Let's time the `csv_read` command to see how long it takes. We can do that by noting the time just before the read and again just after, and subtracting one from the other. We do that with the `datetime` library. 

In [None]:
import pandas
import datetime as dt

wfs_query = 'https://citydata.be.unsw.edu.au/geoserver/wfs?srsName=EPSG%3A4326&typename=geonode%3AInsideAirbnb_44_2015_17&outputFormat=csv&version=1.0.0&service=WFS&request=GetFeature'

maxFeatures_param = '&maxFeatures=10'
PropertyName_param = '&PropertyName=City,ScrapeDate,PropertyID,HostID,Latitude,Longitude,Price'
cql_filter_param = "&cql_filter=City='Sydney'+AND+ScrapeDate='2017-04-03T00:00:00'"

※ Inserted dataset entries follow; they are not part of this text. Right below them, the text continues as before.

(* Let $s\ge 0$, $t\ge 1$, and let $G=K_s\vee K_{2*t}$. Let $A$ be a clique of size $s+t$ in $G$ and let $B=V(G)\setminus A$. If $f:V(G)\to\mathbb{Z}^+$ satisfies $f(v)\ge s+t$ for all $v\in A$ and $f(v)\ge t$ for all $v\in B$, then $G$ is $f$-AT.
   Context: $K_{2*t}$ is the complete multipartite graph with $t$ parts of size $2$; $G_1\vee G_2$ (the join) is the disjoint union of $G_1$ and $G_2$ together with all edges between them. For a graph $G$ and $f:V(G)\to\mathbb{Z}^+$, an orientation $D$ of $E(G)$ is an Alon--Tarsi orientation for $f$ if $d^+_D(v)<f(v)$ for every vertex $v$ and the number of spanning Eulerian subgraphs of $D$ (spanning subdigraphs in which every vertex has equal in- and out-degree) with an even number of edges differs from the number with an odd number of edges; $G$ is $f$-AT if such an orientation exists. *)

From HB Require Import structures.
From mathcomp Require Import all_boot.
Set Implicit Arguments. Unset Strict Implicit. Unset Printing Implicit Defensive.

Section AT.
Variable V : finType.

(* A simple graph on V is a symmetric irreflexive relation e. *)
Definition is_orientation (e D : rel V) : Prop :=
  forall x y, (D x y -> e x y) /\ (e x y -> D x y != D y x).

Definition arcs (D : rel V) : {set V * V} := [set a | D a.1 a.2].

Definition outdeg (D : rel V) (v : V) : nat := #|[set y | D v y]|.

Definition eulerian_sub (D : rel V) (H : {set V * V}) : bool :=
  (H \subset arcs D) &&
  [forall v, #|[set a in H | a.1 == v]| == #|[set a in H | a.2 == v]|].
(* Bidirectional recursion over the integers: starting from [s0], a step
   [up] from [j] to [j + 1] and a step [down] from [j + 1] to [j], each
   producing a [Link]ed pair, yield a family over all of [int] whose
   consecutive members are linked. *)
Section IntRecursion.
Variables (S : int -> Type) (Link : forall j, S j -> S (j + 1) -> Prop).
Variables (s0 : S 0) (up : forall j, S j -> S (j + 1)) (down : forall j, S (j + 1) -> S j).
Hypothesis up_link : forall j (x : S j), Link x (up x).
Hypothesis down_link : forall j (y : S (j + 1)), Link (down y) y.

Fixpoint rec_pos (m : nat) : S (Posz m) :=
  match m with 0 => s0 | m'.+1 => cast_idx (Posz_add1 m') (up (rec_pos m')) end.
Fixpoint rec_neg (m : nat) : S (Negz m) :=
  match m with
  | 0 => down (cast_idx (erefl : (0 : int) = Negz 0 + 1) s0)
  | m'.+1 => down (cast_idx (esym (NegzS_add1 m')) (rec_neg m'))
  end.
Definition rec_int (j : int) : S j :=
  match j with Posz m => rec_pos m | Negz m => rec_neg m end.

Lemma int_recursion :
  exists s : forall j, S j, s 0 = s0 /\ forall j, Link (s j) (s (j + 1)).
Proof.
exists rec_int; split => // [[m|[|m]]].
- rewrite (cast_idx_dep rec_int (esym (Posz_add1 m))) /= cast_idx_comp cast_idx_id.
  exact: up_link.
- rewrite (cast_idx_dep rec_int (erefl : (0 : int) = Negz 0 + 1)) /=; exact: down_link.
- rewrite (cast_idx_dep rec_int (esym (NegzS_add1 m))) /=; exact: down_link.
Qed.
End IntRecursion.

Section GorensteinBasics.
Variable R : pzRingType.

Definition castL (P : int -> lmodType R) i j (e : i = j) : {linear P i -> P j} :=
  cast_idx (S := fun j => {linear P i -> P j}) e (idL (P i)).

Lemma castL_inj (P : int -> lmodType R) i j (e : i = j) : injective (castL P e).
Proof. by case: j / e. Qed.

Lemma image_castL (P : int -> lmodType R) k k' (e : k = k') (A B : Type)
  (u : A -> P k) (v : B -> P k) :
  (forall z, (exists a, u a = z) <-> (exists b, v b = z)) ->
  forall y, (exists a, castL P e (u a) = y) <-> (exists b, castL P e (v b) = y).
Proof. by case: k' / e. Qed.

Section Shift.
Variables (P : int -> lmodType R) (d : forall i : int, {linear P i -> P (i + 1)}).

Lemma exact_cast : (forall i, exact_at (d i) (d (i + 1))) ->
  forall j j' (e : j + 1 = j') (b : P j'),
    d j' b = 0 <-> exists a : P j, castL P e (d j a) = b.
Proof. by move=> d_ex j j' e; case: j' / e => b; exact: d_ex. Qed.

Lemma hom_exact_cast :
  (forall Q : lmodType R, projective Q ->
    forall (i : int) (phi : {linear P (i + 1) -> Q}),
      (forall x : P i, phi (d i x) = 0) ->
      exists psi : {linear P (i + 1 + 1) -> Q},
        forall y : P (i + 1), psi (d (i + 1) y) = phi y) ->
  forall Q : lmodType R, projective Q ->
  forall j j' (e : j + 1 = j') j'' (e' : j' + 1 = j'') (phi : {linear P j' -> Q}),
    (forall x, phi (castL P e (d j x)) = 0) ->
    exists psi : {linear P j'' -> Q}, forall y, psi (castL P e' (d j' y)) = phi y.
Proof.
by move=> d_hom Q projQ j j' e; case: j' / e => j'' e'; case: j'' / e'; exact: d_hom.
Qed.

Lemma image_cast j j' (e : j = j') k (e1 : j + 1 = k) (e2 : j' + 1 = k) y :
  (exists x : P j, castL P e1 (d j x) = y) <-> (exists x : P j', castL P e2 (d j' x) = y).
Proof. by case: j' / e e2 => e2; rewrite (eq_irrelevance e1 e2). Qed.

Lemma shift_idx (s i : int) : i + s + 1 = i + 1 + s.
Proof. by rewrite addrAC. Qed.

Definition shifted (s i : int) : {linear P (i + s) -> P (i + 1 + s)} :=
  compL (castL P (shift_idx s i)) (d (i + s)).

Lemma shifted_totally_acyclic s : totally_acyclic d -> totally_acyclic (shifted s).
Proof.
case=> d_proj d_ex d_hom; split.
- by move=> i; exact: d_proj.
- move=> i b; rewrite /shifted linmapE; split.
  + move=> b0; have : d (i + 1 + s) b = 0.
      by apply: (castL_inj (e := shift_idx s (i + 1))); rewrite b0 linear0.
    by move/(exact_cast d_ex (shift_idx s i)) => [a Ea]; exists a; rewrite linmapE.
  + case=> a; rewrite linmapE => Ea.
    have : d (i + 1 + s) b = 0 by apply/(exact_cast d_ex (shift_idx s i)); exists a.
    by move->; rewrite linear0.
- move=> Q projQ i phi phi0.
  have [psi Hpsi] := hom_exact_cast d_hom projQ (e := shift_idx s i) (shift_idx s (i + 1)) phi0.
  by exists psi => y; rewrite /shifted linmapE.
Qed.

url = wfs_query + PropertyName_param + cql_filter_param #  + maxFeatures_param

before = dt.datetime.now()
listings = pandas.read_csv(url)
after = dt.datetime.now()
print('Read took:', after - before)

How long did it take? If you're on a fast connection and it only took a second or two, try using the `IN` operator to add more cities to your `cql_filter_param` just to get a benchmark for a slower transfer.

Here is the list of cities you found earlier:
```
['San Francisco', 'Sydney', 'Toronto', 'Vancouver', 'Venice',
       'Vienna', 'Washington, D.C.', 'Amsterdam', 'Antwerp', 'Austin',
       'Athens', 'Barcelona', 'Boston', 'Berlin', 'Brussels', 'Chicago',
       'London', 'Los Angeles', 'Madrid', 'Melbourne', 'Montreal',
       'New Orleans', 'New York City', 'Oakland', 'Paris', 'Portland',
       'Seattle', 'Trentino', 'Copenhagen', 'Dublin', 'Edinburgh',
       'Geneva', 'Hong Kong', 'Mallorca', 'Nashville', 'Quebec City',
       'San Diego', 'Victoria', 'Rome']
       ```
You'll also need to change the `ScrapeDate` to be anything in 2017, as those other cities may have been scraped on different date from the Sydney data. This can be accomplished with the `dateFormat` function as documented [here](http://docs.geoserver.org/stable/en/user/filter/function_reference.html#filter-function-reference).

In [None]:
cql_filter_param = "&cql_filter=City+IN+('Sydney','Melbourne','London')+AND+dateFormat('y',ScrapeDate)='2017'"
# cql_filter_param = "&cql_filter=City+IN+('Sydney','Melbourne','London')"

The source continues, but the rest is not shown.